On the other side of the coin, positive rights such as promoting justice and equality— e.g., through ensuring egalitarian access to neurotechnology for biomedical use and promoting patient welfare on the basis of the ethical principle of beneficence—have so far occupied a secondary role in the neurorights debate.
Introducing neurorights into the human rights framework may require adding new protocols to existing instruments or even stipulating new entirely devoted to neuroethics and neurolaw. In either case, some fundamental problems such as rights inflation and to provide an adequate normative justification for multilateral instruments ethical, meta-ethical, and legal issues must be addressed in order to overcome neurorights. These include introducing justificatory tests for the introduction of neurorights, clarifying the relationship between moral and legal neurorights and harmonizing neurorights with existing normative instruments.

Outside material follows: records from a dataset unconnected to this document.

(* Let $n\ge 2$. Then (i) $\mathbf{E}(\mathbb{S}^n_\infty)\succeq\mathcal{F}(\mathbb{S}^n_\infty)\supsetneq\mathbb{D}^{n+1}_\infty$; (ii) $\mathbf{E}(\mathbb{D}^{n+1}_\infty)\succeq\mathcal{F}(\mathbb{D}^{n+1}_\infty)\supseteq\mathcal{F}(\mathbb{S}^n_\infty)\supsetneq\mathbb{D}^{n+1}_\infty$. As a consequence, $\mathbb{D}^{n+1}_\infty$ is not injective.
   Context: $\mathbb{R}^m_\infty$ denotes $\mathbb{R}^m$ with the metric $d_\infty$ induced by the $\ell^\infty$-norm. $\mathbb{S}^n_\infty=\{x\in\mathbb{R}^{n+1}:\|x\|_2=1\}$ and $\mathbb{D}^{n+1}_\infty=\{x\in\mathbb{R}^{n+1}:\|x\|_2\le1\}$, both with the metric $d_\infty$. For $1\le i\le m$, $\Lambda_i=\{x\in\mathbb{R}^m:x_i=\|x\|_\infty\}$, and for $p\in\mathbb{R}^m$, $\xi\in\{\pm1\}$, $p+\xi\Lambda_i=\{p+\xi z:z\in\Lambda_i\}$. For compact $X\subseteq\mathbb{R}^m_\infty$, a point $p\in\mathbb{R}^m$ is $X$-surrounding if $(p+\xi\Lambda_i)\cap X\ne\emptyset$ for all $i\in\{1,\dots,m\}$ and $\xi\in\{\pm1\}$; $\mathcal{F}(X)$ is the set of $X$-surrounding points with metric $d_\infty$. For a metric space $X$, $\Delta(X)=\{f:X\to\mathbb{R}\text{ bounded}: f(x)+f(x')\ge d_X(x,x')\}$ and the tight span $\mathbf{E}(X)$ is the set of pointwise-minimal elements of $\Delta(X)$ with the sup-norm metric. $A\succeq B$ means $B$ isometrically embeds into $A$. A metric space $E$ is injective if for every isometric embedding $X\hookrightarrow\tilde X$ and every 1-Lipschitz $f:X\to E$ there is a 1-Lipschitz $\tilde f:\tilde X\to E$ extending $f$. *)

From mathcomp Require Import all_boot.
From Stdlib Require Import Reals.

Set Implicit Arguments.
Unset Strict Implicit.

Local Open Scope R_scope.

Definition vec (m : nat) := 'I_m -> R.

Definition norm_inf (m : nat) (x : vec m) : R :=
  \big[Rmax/0]_(i < m) Rabs (x i).
Definition d_inf (m : nat) (x y : vec m) : R :=
  \big[Rmax/0]_(i < m) Rabs (x i - y i).

Definition sqnorm2 (m : nat) (x : vec m) : R :=
  \big[Rplus/0]_(i < m) (x i * x i).
Definition sphere (m : nat) (x : vec m) : Prop := sqnorm2 x = 1.
Definition cball (m : nat) (x : vec m) : Prop := sqnorm2 x <= 1.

The Council of Europe’s Convention for the Protection of Human Rights and Dignity
of the Human Being with regard to the Application of Biology and Medicine (Oviedo
Convention) offers an ideal platform and normative substrate for the protection and
promotion of neurorights. Given its focus on prohibiting the misuse of innovations in
biomedicine, protecting the dignity and identity of all human beings, and guaranteeing
respect for their integrity and fundamental freedoms, the Convention is well placed for
either enshrining neurorights through ad hoc protocols or for serving as a basis for
future instruments.
Understanding, treating, and augmenting the human brain and mind is one of the great
scientific challenges of our age. Achieving these goals in a way that preserves justice,
safeguards fundamental rights and human dignity is the corresponding task of ethics
and law. Neurorights will likely be a useful tool to accomplish this task.